[ACTIVITY] From the records below, extract only the lines running from the line with "rewrite !(@lex_le_padE _" to the line with "have ge_trans : transitive", both lines included, reproducing them exactly.

[SUPPLIED ENTRIES]
Definition Vtilde_Sigma (R : realType) (p : nat) (k : seq nat)
    (Sigma : forall i : 'I_(size k), {perm 'I_(nth 0%N k i)}) : set (config R p 1 k) :=
  [set Z | Vtilde R p 1 k Z /\
     forall (i : 'I_(size k)) (j j' : 'I_(nth 0%N k i)), (j.+1 = j')%N ->
       pr_t (Z (tab (Sigma i j))) < pr_t (Z (tab (Sigma i j')))].

(* Ray partitions of type k.  A ray partition Q_1, ..., Q_l with total     *)
(* orders prec_beta is encoded as a list of blocks, each block being the   *)
(* list of its elements in increasing prec_beta-order.                     *)
Definition ray_partition {k : seq nat} (Q : seq (seq (table k))) : Prop :=
  [/\ perm_eq (flatten Q) (enum (table k)),
      all (fun b => b != [::]) Q,
      (* min(Q_beta, prec_beta) = min(Q_beta, <) *)
      (forall b, b \in Q -> forall x0 x, x \in b -> table_le (head x0 b) x)
    &
      (forall x0 (a c : nat), (a < c < size Q)%N ->
          table_lt (head x0 (nth [::] Q a)) (head x0 (nth [::] Q c)))].

Definition witnessed {R : realType} {p q : nat} {k : seq nat}
    (Z : config R p q k) (Q : seq (seq (table k))) : Prop :=
  forall b, b \in Q ->
    (forall x y, x \in b -> y \in b -> pr_zeta (Z x) = pr_zeta (Z y)) /\
    pairwise (fun x y => pr_t (Z x) < pr_t (Z y)) b.

Definition weight {k : seq nat} (Q : seq (seq (table k))) : seq nat := map size Q.

Definition Pk (k : seq nat) (lam : seq nat) : Prop :=
  all (fun n => 0 < n)%N lam /\ sumn lam = sumn k.

Fixpoint lex_le_eqsize (s t : seq nat) : bool :=
  match s, t with
  | [::], _ => true
  | _ :: _, [::] => false
  | x :: s', y :: t' => (x < y)%N || ((x == y) && lex_le_eqsize s' t')
  end.
Definition pad0 (n : nat) (s : seq nat) : seq nat := s ++ nseq (n - size s) 0%N.
Definition lex_le (s t : seq nat) : bool :=
  let n := maxn (size s) (size t) in lex_le_eqsize (pad0 n s) (pad0 n t).

Definition is_QZ {R : realType} {p q : nat} {k : seq nat}
    (Z : config R p q k) (Q : seq (seq (table k))) : Prop :=
  [/\ ray_partition Q, witnessed Z Q &
      forall Q', ray_partition Q' -> witnessed Z Q' -> lex_le (weight Q') (weight Q)].

(* F_lambda inside the one-point compactification of V (a subset of the   *)
(* configurations, with the subspace topology); None is the point at oo.   *)
Definition F_lambda {R : realType} {p q : nat} {k : seq nat}
    (V : set (config R p q k)) (lam : seq nat) :
    set (one_point_compactification (set_type V)) :=
  fun x => match x with
           | None => True
           | Some Z => exists Q, is_QZ (set_val Z) Q /\ lex_le lam (weight Q)
           end.

(* The weight of Q^Z is upper semicontinuous in Z.  Near an injective
   configuration Z every strict relation among its points persists: distinct
   zeta-coordinates stay distinct and strict t-inequalities stay strict.  So a
   ray partition witnessed by a nearby Z' is already witnessed by Z (a tied
   t-order at Z would contradict injectivity, a reversed one persistence),
   whence omega(Q^Z') <= omega(Q^Z) and the complement of F_lambda in V is
   open.  Adding the point at infinity to a set closed in V keeps it closed in
   the compactification.  Q^Z exists because the weights of ray partitions
   range over a finite set, totally preordered by the padded lexicographic
   order. *)

From HB Require Import structures.
From mathcomp Require Import all_boot all_order all_algebra all_fingroup.
From mathcomp Require Import all_classical all_reals all_analysis.
From mathcomp Require Import zify.
Import Order.TTheory Num.Theory.
Import numFieldNormedType.Exports.
Local Open Scope classical_set_scope.
Local Open Scope ring_scope.

Lemma lex_le_eqsizeE (s t : seq nat) :
  lex_le_eqsize s t = (s <= t :> seqlexi nat)%O.
Proof.
elim: s t => [|x s IH] [|y t] //=; rewrite lexi_cons IH !leEnat.
by case: ltngtP => //= ->; rewrite eqxx.
Qed.

Lemma lexi_cat2r d (T : preorderType d) (s t u : seq T) : size s = size t ->
  (s ++ u <= t ++ u :> seqlexi T)%O = (s <= t :> seqlexi T)%O.
Proof.
elim: s t => [|x s IH] [|y t] //= => [_ | [/IH eq_st]]; first exact: lexx.
by rewrite !lexi_cons eq_st.
Qed.

Lemma lex_le_padE (s t : seq nat) n : (maxn (size s) (size t) <= n)%N ->
  lex_le s t = (pad0 n s <= pad0 n t :> seqlexi nat)%O.
Proof.
rewrite /lex_le lex_le_eqsizeE; set m := maxn _ _ => le_mn.
have pad0_widen u : (size u <= m)%N -> pad0 n u = pad0 m u ++ nseq (n - m) 0%N.
  by move=> le_um; rewrite /pad0 -catA -nseqD; congr (_ ++ nseq _ _); lia.
rewrite !pad0_widen ?leq_maxl ?leq_maxr // lexi_cat2r // !size_cat !size_nseq.
by rewrite !subnKC ?leq_maxl ?leq_maxr.
Qed.

Lemma lex_le_trans : transitive lex_le.
Proof.
move=> t s u; set n := maxn (size s) (maxn (size t) (size u)).
rewrite !(@lex_le_padE _ _ n) /n; [exact: le_trans | lia..].
Qed.

Lemma lex_le_total : total lex_le.
Proof. by move=> s t; rewrite /lex_le maxnC !lex_le_eqsizeE le_total. Qed.

Lemma exists_max_seq {T : eqType} {le : rel T} {s : seq T} {x0 : T} :
  total le -> transitive le -> x0 \in s ->
  exists2 x, x \in s & {in s, forall y, le y x}.
Proof.
move=> le_total le_trans s_x0.
have ge_total : total (fun x y => le y x) by move=> x y; exact: le_total.
have ge_trans : transitive (fun x y => le y x).
  by move=> y x z /= le_yx le_zy; exact: le_trans le_zy le_yx.
(* The head of s sorted decreasingly is a maximum. *)
have := mem_sort (fun x y => le y x) s.
case: (sort _ s) (sort_sorted ge_total s) => [|x r] sorted_r sort_s.
  by move: s_x0; rewrite -sort_s.
exists x => [|y]; first by rewrite -sort_s mem_head.
rewrite -sort_s inE => /predU1P[->|r_y]; first by case/orP: (le_total x x).
exact: (allP (order_path_min ge_trans sorted_r)).
Qed.

Lemma size_le_sumn (s : seq nat) : all (leq 1) s -> (size s <= sumn s)%N.
Proof. by elim: s => //= a s IH /andP[a_gt0 /IH]; lia. Qed.

Lemma leq_sumn_mem (s : seq nat) a : a \in s -> (a <= sumn s)%N.
Proof. by elim: s => //= b s IH; rewrite inE => /predU1P[->|/IH]; lia. Qed.

Definition bounded_seqs (n : nat) : seq (seq nat) :=
  [seq map val (s : seq 'I_n.+1) | s : n.-bseq 'I_n.+1].

Lemma mem_bounded_seqs n (s : seq nat) :
  (size s <= n)%N -> all (leq^~ n) s -> s \in bounded_seqs n.
Proof.
move=> size_s s_le.
have size_inord : (size (map inord s : seq 'I_n.+1) <= n)%N by rewrite size_map.
apply/mapP; exists (Bseq size_inord); first by rewrite mem_enum.
rewrite /= -map_comp map_id_in //.
by move=> a /(allP s_le) a_le /=; rewrite inordK.
Qed.

Lemma near_neq {T U : topologicalType} {f g : T -> U} {x : T} :
  hausdorff_space U -> {for x, continuous f} -> {for x, continuous g} ->
  f x <> g x -> \forall y \near x, f y <> g y.
Proof.
rewrite open_hausdorff => U_T2 fx gx /eqP /U_T2[[A B] /=].
rewrite !inE => -[A_fx B_gx] [oA oB AB0].
near=> y => fg.
have A_fy : A (f y) by near: y; apply: fx; exact: open_nbhs_nbhs.
have B_gy : B (g y) by near: y; apply: gx; exact: open_nbhs_nbhs.
by rewrite -[False]/(set0 (g y)) -AB0; split=> //; rewrite -fg.
Unshelve. all: by end_near.
Qed.

Lemma near_lt {T : topologicalType} {R : realFieldType} {f g : T -> R} {x : T} :
  {for x, continuous f} -> {for x, continuous g} ->
  f x < g x -> \forall y \near x, f y < g y.
Proof.
move=> fx gx fg; have [fm mg] := midf_lt fg.
near=> y; apply: (lt_trans (y := (f x + g x) / 2)); near: y.
- exact: cvgr_lt fx _ fm.
- exact: cvgr_gt gx _ mg.
Unshelve. all: by end_near.
Qed.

[OUTPUT FOR THIS TASK]
rewrite !(@lex_le_padE _ _ n) /n; [exact: le_trans | lia..].
Qed.

Lemma lex_le_total : total lex_le.
Proof. by move=> s t; rewrite /lex_le maxnC !lex_le_eqsizeE le_total. Qed.

Lemma exists_max_seq {T : eqType} {le : rel T} {s : seq T} {x0 : T} :
  total le -> transitive le -> x0 \in s ->
  exists2 x, x \in s & {in s, forall y, le y x}.
Proof.
move=> le_total le_trans s_x0.
have ge_total : total (fun x y => le y x) by move=> x y; exact: le_total.
have ge_trans : transitive (fun x y => le y x).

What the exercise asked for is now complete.